History

Canada
- Name: Venture
- Ordered: 1935
- Builder: Meteghan Shipbuilding Ltd. Co., Meteghan, Nova Scotia
- Laid down: 4 January 1937
- Launched: 9 June 1937
- Commissioned: 25 October 1937
- Decommissioned: 1 September 1939
- Maiden voyage: 1 January 1938
- Recommissioned: November 1941
- Decommissioned: 13 May 1943
- Out of service: December 1945
- Renamed: Harbour Craft 190 (19 May 1943)
- Fate: Sold 10 December 1945 to private investors, renamed Alfred & Emily
- Renamed: Alfred & Emily
- In service: 10 December 1945
- Fate: Sank after catching fire, 1951

General characteristics
- Class & type: Three-masted schooner
- Tonnage: 250 long tons (250 t; 280 short tons)
- Length: 142 ft (43.3 m)
- Beam: 27 ft (8.2 m)
- Draught: 14.5 ft (4.42 m)
- Propulsion: sail, diesel auxiliary engine
- Sail plan: 12,000 ft^{2} (1,100 m^{2}) of sail
- Complement: 40 including 24 trainees
- Armament: 2 × 3-pounder naval gun

= HMCS Venture =

Military training ship in Canada

HMCS Venture was a three-masted schooner built for the Royal Canadian Navy as a training ship in 1937. She served during the Second World War at Halifax, Nova Scotia. She was the second vessel commissioned by the Royal Canadian Navy to bear the name Venture. In 1943, the schooner was renamed Harbour Craft 190. The schooner was sold to private interests following the war and renamed Alfred & Emily before being lost by fire in 1951.

==Description==
Venture was a three-masted schooner that had a tonnage of 250 LT and was 142 ft long overall, with a beam of 27 ft and a draught of 14.5 ft. The vessel was equipped with 12,000 ft2 of sail and a diesel auxiliary engine. The schooner had a complement of 40, including 24 trainees. The vessel was armed with two 3-pounder guns.

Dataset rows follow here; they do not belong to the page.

Lemma local_artinian_saturation P I : local_artinian P (saturation P I) -> local_artinian P I.
Proof.
move=> art J iJ satJ sIJ dJ; apply: art => // n r [s nPs /(sIJ n)].
exact: satJ.
Qed.

Lemma desc_chain_mem_stable (J : nat -> R -> Prop) w : (forall n, subid (J n.+1) (J n)) ->
  exists N, forall n, (N <= n)%N -> J n w -> J n.+1 w.
Proof.
move=> dJ; case: (classic (forall n, J n w)) => [Jw | /not_all_ex_not [n0 nJw]].
  by exists 0%N => n _ _; apply: Jw.
by exists n0 => n le Jnw; exfalso; apply/nJw/(subid_desc dJ le).
Qed.

(* As [P w <= I], the module [R_P w] is simple modulo [I], so a descending chain
   over [I] stabilizes once its images over [I + R w] do. *)
Lemma local_artinian_adjoin P I w : prime_ideal P -> ideal I ->
  (forall p, P p -> I (p * w)) ->
  local_artinian P (saturation P (adjoin I w)) -> local_artinian P I.
Proof.
move=> pP iI PwI art' J iJ satJ sIJ dJ.
pose I' := saturation P (adjoin I w).
have iI' : ideal I' := saturation_ideal pP (adjoin_ideal w iI).
pose J' n := saturation P (ideal_plus (J n) I').
have [N1 stJ'] : exists N1, forall n, (N1 <= n)%N -> subid (J' n) (J' n.+1).
  apply: art' => n.
  - exact: saturation_ideal pP (ideal_plus_ideal (iJ n) iI').
  - exact: saturation_saturated.
  - move=> r I'r; apply: sub_saturation => //.
    by exists 0, r; rewrite add0r; split => //; apply: ideal0.
  - by apply: saturation_mono => _ [a [b [Ja I'b ->]]]; exists a, b; split => //; apply: dJ.
have [N2 stw] := desc_chain_mem_stable w dJ.
exists (maxn N1 N2) => n; rewrite geq_max => /andP[le1 le2] r Jr.
have : J' n.+1 r.
  apply: stJ' => //; apply: sub_saturation => //.
  by exists r, 0; rewrite addr0; split => //; apply: ideal0.
move=> [s nPs [j [i [Jj [s' nPs' [t [c [It Ei]]]] Esr]]]].
have Jni : J n i.
  have -> : i = s * r - j by rewrite Esr; ring.
  exact: idealB (iJ n) (idealMl _ (iJ n) Jr) (dJ n _ Jj).
suff Ji : J n.+1 i by apply: (satJ _ s) => //; rewrite Esr; apply: idealD (iJ _) Jj Ji.
apply: (satJ _ s') => //; rewrite Ei; apply: idealD (iJ _) (sIJ _ _ It) _.
case: (classic (P c)) => [Pc | nPc]; first exact: sIJ _ _ (PwI _ Pc).
apply: idealMl (iJ _) _; apply: stw => //; apply: (satJ _ c) => //.
have -> : c * w = s' * i - t by rewrite Ei; ring.
exact: idealB (iJ n) (idealMl _ (iJ n) Jni) (sIJ _ _ It).
Qed.

Lemma minimal_prime_local_artinian P I0 : ideal I0 -> minimal_prime I0 P ->
  local_artinian P I0.
Proof.
move=> iI0 [pP _ minP]; apply: local_artinian_saturation; apply: NNPP => nart.
have [I [iI [satI sI0I nartI] maxI]] := @noetherian_maximal
  (fun I => [/\ saturated P I, subid (saturation P I0) I & ~ local_artinian P I])
  (ex_intro _ _ (conj (saturation_ideal pP iI0)
     (And3 (saturation_saturated (I := I0) pP) (@subid_refl _ _) nart))).
apply: nartI; case: (classic (I 1)) => [I1 | nI1].
  move=> J iJ _ sIJ _; exists 0%N => n _ r _.
  by rewrite -[r]mulr1; apply: idealMl _ (iJ _) (sIJ _ 1 I1).
have [w nIw pA] := exists_prime_colon iI nI1.
have PwI : subid P (colon I w).
  apply: minP => //; first by move=> r /(sub_saturation pP) /sI0I; apply: idealMr.
  by move=> r Irw; apply: NNPP => nPr; apply: nIw; apply: satI nPr Irw.
apply: (local_artinian_adjoin pP iI PwI); apply: NNPP => nart'.
apply: nIw; apply: (maxI _ (saturation_ideal pP (adjoin_ideal w iI))).
- split => //; first exact: saturation_saturated.
  by move=> r /sI0I /sub_adjoin /(sub_saturation pP).
- by move=> r /sub_adjoin /(sub_saturation pP).
- exact: (sub_saturation pP (adjoin_elt w (ideal0 iI))).
Qed.

Lemma pow_notin_saturation_adjoin Q' Q q n : prime_ideal Q' -> prime_ideal Q -> subid Q' Q ->
  Q q -> ~ Q' q -> ~ saturation Q (adjoin Q' (q ^+ n.+1)) (q ^+ n).
Proof.
move=> pQ' pQ sQ'Q Qq nQ'q [t nQt [e [c [Q'e Ee]]]].
have : Q' ((t - c * q) * q ^+ n).
  by have -> : (t - c * q) * q ^+ n = e by rewrite mulrBl Ee exprS; ring.
case/(prime_idealM pQ') => [/sQ'Q Qtcq | /(prime_idealX pQ') //].
apply: nQt; have -> : t = (t - c * q) + c * q by ring.
by apply: idealD (prime_ideal_ideal pQ) Qtcq _; apply: idealMl (prime_ideal_ideal pQ) Qq.
Qed.

(* With [D n] the [n]-th symbolic power of [q] modulo [Q'], the chain [D n + R x]
   stabilizes at [P], and Nakayama then makes [D n] itself stabilize, which
   [pow_notin_saturation_adjoin] forbids. *)
Lemma krull_principal_ideal Q' Q P x : prime_ideal Q' -> prime_ideal Q ->
  subid Q' Q -> ~ subid Q Q' -> subid Q P -> ~ subid P Q ->
  ~ minimal_prime (adjoin Q' x) P.
Proof.
move=> pQ' pQ sQ'Q nQQ' sQP nPQ minP; have [pP sQ'xP minP'] := minP.
have iQ' := prime_ideal_ideal pQ'.
have [q Qq nQ'q] := not_subid nQQ'.
have nQx : ~ Q x.
  by move=> Qx; apply/nPQ/(minP' Q pQ _ sQP)/(adjoin_min (prime_ideal_ideal pQ) sQ'Q Qx).
pose D n := saturation Q (adjoin Q' (q ^+ n)).
have iD n : ideal (D n) := saturation_ideal pQ (adjoin_ideal _ iQ').
have dD n : subid (D n.+1) (D n).
  apply: saturation_mono => _ [t [c [Q't ->]]].
  by exists t, (c * q); rewrite exprS mulrA.
pose J n := saturation P (adjoin (D n) x).
have [N stJ] : exists N, forall n, (N <= n)%N -> subid (J n) (J n.+1).
  apply: (minimal_prime_local_artinian (adjoin_ideal x iQ') minP) => n.
  - exact: saturation_ideal pP (adjoin_ideal _ (iD n)).
  - exact: saturation_saturated.
  - move=> r /(adjoin_mono (fun r Q'r => sub_saturation pQ (sub_adjoin (q ^+ n) Q'r))).
    exact: sub_saturation.
  - exact/saturation_mono/adjoin_mono/dD.
have DN : subid (D N) (saturation P (D N.+1)).
  apply: (nakayama_local pP (sQ'xP x (adjoin_elt x (ideal0 iQ'))) (iD N.+1)) => m Dm.
  have [s nPs [d [c [Dd Esm]]]] := stJ N (leqnn N) m (sub_saturation pP (sub_adjoin x Dm)).
  exists s, d, c; split => //; last by rewrite Esm mulrC.
  apply: (saturation_saturated pQ nQx).
  have -> : x * c = s * m - d by rewrite Esm; ring.
  by apply: idealB (iD N) _ (dD N _ Dd); apply: idealMl.
have [s nPs Dsq] := DN _ (sub_saturation pQ (adjoin_elt (q ^+ N) (ideal0 iQ'))).
apply: (pow_notin_saturation_adjoin pQ' pQ sQ'Q Qq nQ'q).
exact: (saturation_saturated pQ (fun Qs => nPs (sQP _ Qs)) Dsq).
Qed.

Lemma minimal_prime_local_nilpotent J P z : ideal J -> minimal_prime J P -> P z ->
  exists s k, ~ P s /\ J (s * z ^+ k).
Proof.
move=> iJ [pP sJP minP] Pz; apply: NNPP => none.
pose S u := exists s k, ~ P s /\ u = s * z ^+ k.
have S1 : S 1 by exists 1, 0%N; split; [apply: prime_ideal1 | rewrite mulr1].
have SM a b : S a -> S b -> S (a * b).
  move=> [s1 [k1 [nP1 ->]]] [s2 [k2 [nP2 ->]]]; exists (s1 * s2), (k1 + k2)%N.
  by split; [apply: prime_ideal_notM | rewrite exprD; ring].
have nJS s : S s -> ~ J s by move=> [t [k [nPt ->]]] Jt; apply: none; exists t, k.
have [T pT [sJT nTS]] := prime_avoiding iJ S1 SM nJS.
have sTP : subid T P.
  move=> r Tr; apply: NNPP => nPr; apply: nTS Tr.
  by exists r, 0%N; rewrite mulr1.
apply: (nTS z); last exact: minP.
by exists 1, 1%N; split; [apply: prime_ideal1 | rewrite mul1r].
Qed.

Definition radical_prime_cover I (l : list (R -> Prop)) :=
  (forall q, List.In q l -> prime_ideal q /\ subid I q) /\
  (forall r, (forall q, List.In q l -> q r) -> radical I r).

Lemma exists_radical_prime_cover I0 : ideal I0 -> exists l, radical_prime_cover I0 l.
Proof.
move=> iI0; apply: NNPP => ncov0.
have [I [iI ncov maxI]] := @noetherian_maximal
  (fun I => ~ exists l, radical_prime_cover I l) (ex_intro _ _ (conj iI0 ncov0)).
apply: ncov; case: (classic (I 1)) => [I1 | nI1].
  by exists nil; split => // r _; exists 0%N; rewrite expr0.
case: (classic (prime_ideal I)) => [pI | npI].
  exists [:: I]; split; first by move=> q [<- | []]; split.
  by move=> r Ir; exists 1%N; rewrite expr1; apply: Ir; left.
have [a [b [Iab nIa nIb]]] : exists a b, [/\ I (a * b), ~ I a & ~ I b].
  apply: NNPP => nab; apply: npI; split => // a b Iab.
  by apply: NNPP => /not_or_and [nIa nIb]; apply: nab; exists a, b.
have cover c : ~ I c -> exists l, radical_prime_cover (adjoin I c) l.
  move=> nIc; apply: NNPP => ncov'; apply: nIc.
  exact: maxI _ (adjoin_ideal c iI) ncov' (@sub_adjoin _ I c) _ (adjoin_elt c (ideal0 iI)).
have [[la [Hla Rla]] [lb [Hlb Rlb]]] := (cover a nIa, cover b nIb).
exists (List.app la lb); split.
  move=> q qin; case: (List.in_app_or _ _ _ qin) => [/Hla | /Hlb] [pq sq];
    by split => // r Ir; apply: sq _ (sub_adjoin _ Ir).
move=> r Hr.
have [k Ark] := Rla r (fun q Hq => Hr q (List.in_or_app _ _ _ (or_introl Hq))).
have [l Arl] := Rlb r (fun q Hq => Hr q (List.in_or_app _ _ _ (or_intror Hq))).
by exists (k + l)%N; rewrite exprD; apply: adjoin_mul_ideal Ark Arl.
Qed.

Lemma prime_sub_intersection (l : list (R -> Prop)) P : prime_ideal P ->
  (forall q, List.In q l -> ideal q) -> (forall r, (forall q, List.In q l -> q r) -> P r) ->
  exists2 q, List.In q l & subid q P.
Proof.
move=> pP; elim: l => [|h t IH] il sub; first by case: (prime_ideal1 pP); apply: sub.
case: (classic (subid h P)) => [hP | /not_subid [a ha nPa]].
  by exists h => //; left.
have [q qt qP] : exists2 q, List.In q t & subid q P.
  apply: IH => [q qt | r rt]; first by apply: il; right.
  have /(prime_idealM pP) [//|//] : P (a * r).
  apply: sub => q [<- | qt]; first by apply: idealMr (il _ (or_introl erefl)) ha.
  by apply: idealMl (il _ (or_intror qt)) (rt q qt).
by exists q => //; right.
Qed.

Lemma list_minimal_sub (l : list (R -> Prop)) P : (exists2 q, List.In q l & subid q P) ->
  exists q, [/\ List.In q l, subid q P & forall q', List.In q' l -> subid q' q -> subid q q'].
Proof.
elim: l => [|h t IH] [q qin qP]; first by case: qin.
case: (classic (exists2 q, List.In q t & subid q P)) => [/IH [q' [q't q'P q'min]] | nt].
  case: (classic (subid h q')) => [hq' | nhq'].
    exists h; split; [by left | by move=> r /hq' /q'P |].
    move=> q'' [<- // | q''t] q''h r hr.
    by apply: (q'min q'' q''t (fun r h => hq' r (q''h r h))); apply: hq'.
  by exists q'; split; [right | | move=> q'' [<- | /q'min]].
have hP : subid h P by case: qin => [-> // | qt]; case: nt; exists q.
exists h; split; [by left | by [] |].
by move=> q' [<- // | q't] q'h; case: nt; exists q' => // r /q'h /hP.
Qed.

Lemma minimal_prime_sub I P : ideal I -> prime_ideal P -> subid I P ->
  exists2 Q, minimal_prime I Q & subid Q P.
Proof.
move=> iI pP sIP; have [l [Hl Rl]] := exists_radical_prime_cover iI.
have below T : prime_ideal T -> subid I T -> exists2 q, List.In q l & subid q T.
  move=> pT sIT; apply: prime_sub_intersection => // [q /Hl [pq _] | r /Rl].
    exact: prime_ideal_ideal.
  exact: radical_sub_prime.
have [q [ql qP qmin]] := list_minimal_sub (below P pP sIP).
have [pq sIq] := Hl q ql.
exists q => //; split => // T pT sIT sTq.
have [q' q'l q'T] := below T pT sIT.
by move=> r /(qmin q' q'l (fun r h => sTq r (q'T r h))) /q'T.
Qed.

Lemma minimal_prime_notin I a : ideal I -> ~ radical I a ->
  exists2 Q, minimal_prime I Q & ~ Q a.
Proof.
move=> iI nIa; have [l [Hl Rl]] := exists_radical_prime_cover iI.
have [q ql nqa] : exists2 q, List.In q l & ~ q a.
  apply: NNPP => H; apply/nIa/Rl => q ql; apply: NNPP => nqa; apply: H; by exists q.
have [pq sIq] := Hl q ql.
have [Q minQ Qq] := minimal_prime_sub iI pq sIq.
by exists Q => // /Qq.
Qed.

Lemma minimal_prime_exchange m B (a : 'I_m.+1 -> R) i0 (b : 'I_m -> R) P : ideal B ->
  minimal_prime (adjoin_family B a) P -> (forall j, P (b j)) ->
  (forall j, exists s k c, ~ P s /\ s * a (lift i0 j) ^+ k = b j + c * a i0) ->
  minimal_prime (adjoin (adjoin_family B b) (a i0)) P.
Proof.
move=> iB [pP sBaP minP] Pb Hb; have iP := prime_ideal_ideal pP.
have Pa j : P (a j) by exact: sBaP _ (adjoin_family_elt a j (ideal0 iB)).
have sBP : subid B P by move=> r /(sub_adjoin_family a) /sBaP.
split => //; first exact: (adjoin_min iP (adjoin_family_min iP sBP Pb) (Pa i0)).
move=> T pT sT sTP; apply: minP => //; have iT := prime_ideal_ideal pT.
have Bb0 : adjoin_family B b 0 := sub_adjoin_family b (ideal0 iB).
have Ta : T (a i0) := sT _ (adjoin_elt (a i0) Bb0).
have Tb j : T (b j) := sT _ (sub_adjoin (a i0) (adjoin_family_elt b j (ideal0 iB))).
have sBT : subid B T by move=> r /(sub_adjoin_family b) /(sub_adjoin (a i0)) /sT.
apply: (adjoin_family_min iT sBT) => j; case: (unliftP i0 j) => [j' -> | -> //].
have [s [k [c [nPs E]]]] := Hb j'.
have : T (s * a (lift i0 j') ^+ k) by rewrite E; apply: idealD iT (Tb j') (idealMl _ iT Ta).
by case/(prime_idealM pT) => [/sTP // | /(prime_idealX pT)].
Qed.

Lemma minimal_prime_drop_generator m B (a : 'I_m.+1 -> R) i0 Q P : ideal B ->
  prime_ideal Q -> subid B Q -> subid Q P -> ~ subid P Q ->
  minimal_prime (adjoin_family B a) P -> minimal_prime (adjoin Q (a i0)) P ->
  exists b : 'I_m -> R, minimal_prime (adjoin_family B b) Q.
Proof.
move=> iB pQ sBQ sQP nPQ minPa minPQ; have [pP sBaP _] := minPa.
have Pa j : P (a j) by exact: sBaP _ (adjoin_family_elt a j (ideal0 iB)).
have [t Ht] : exists t : 'I_m.+1 -> R, forall j,
    Q (t j) /\ exists s k c, ~ P s /\ s * a j ^+ k = t j + c * a i0.
  apply: (functional_choice
    (fun j tj => Q tj /\ exists s k c, ~ P s /\ s * a j ^+ k = tj + c * a i0)) => j.
  have [s [k [nPs [tj [c [Qt E]]]]]] :=
    minimal_prime_local_nilpotent (adjoin_ideal (a i0) (prime_ideal_ideal pQ)) minPQ (Pa j).
  by exists tj; split => //; exists s, k, c.
exists (fun j => t (lift i0 j)).
have minPb := minimal_prime_exchange (b := fun j => t (lift i0 j)) iB minPa
  (fun j => sQP _ (Ht _).1) (fun j => (Ht _).2).
split => //.
  exact: (adjoin_family_min (prime_ideal_ideal pQ) sBQ (fun j => (Ht _).1)).
move=> T pT sbT sTQ; apply: NNPP => nQT.
apply: (krull_principal_ideal pT pQ sTQ nQT sQP nPQ (x := a i0)).
apply: (minimal_prime_mono minPb (adjoin_mono sbT)).
exact: (adjoin_min (prime_ideal_ideal pP) (fun r Tr => sQP r (sTQ r Tr)) (Pa i0)).
Qed.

==Construction and service==
Venture was ordered in 1935 as the Royal Canadian Navy began to expand. The vessel was constructed by Meteghan Shipbuilding Ltd. Co. at Meteghan, Nova Scotia. The schooner was launched in June 1937 and was commissioned into the Royal Canadian Navy on 25 October 1937. Venture was based at Halifax, Nova Scotia as a training ship.

Venture was paid off on 1 September 1939 with war imminent. She was one of only thirteen Royal Canadian Navy ships in service at the outbreak of the Second World War. She became an accommodation vessel at Halifax for Royal Navy ratings assigned to the 3rd Battleship Squadron. In November 1941, she was recommissioned as a guard ship at Tuft's Cove, which lies at the entrance to Bedford Basin.

Venture served as such until 13 May 1943, when she lost her name to the former yacht Seaborn. The schooner was renamed Harbour Craft 190 and remained as such until sold on 10 December 1945 to a Halifax firm. Upon being sold she was renamed Alfred & Emily and initially served as a sealing vessel. The vessel eventually became a coal carrier, which she served as until she was lost in an explosion/fire off of Bellburns, Newfoundland on 3 October 1951.

==Sources==
- Johnston, William (2010). "The Seabound Coast: The Official History of the Royal Canadian Navy, 1867–1939"
- Macpherson, Ken (2002). "The Ships of Canada's Naval Forces 1910–2002"
- Tucker, Gilbert Norman (1952). "The Naval Service of Canada, Its Official History – Volume 2: Activities on Shore During the Second World War"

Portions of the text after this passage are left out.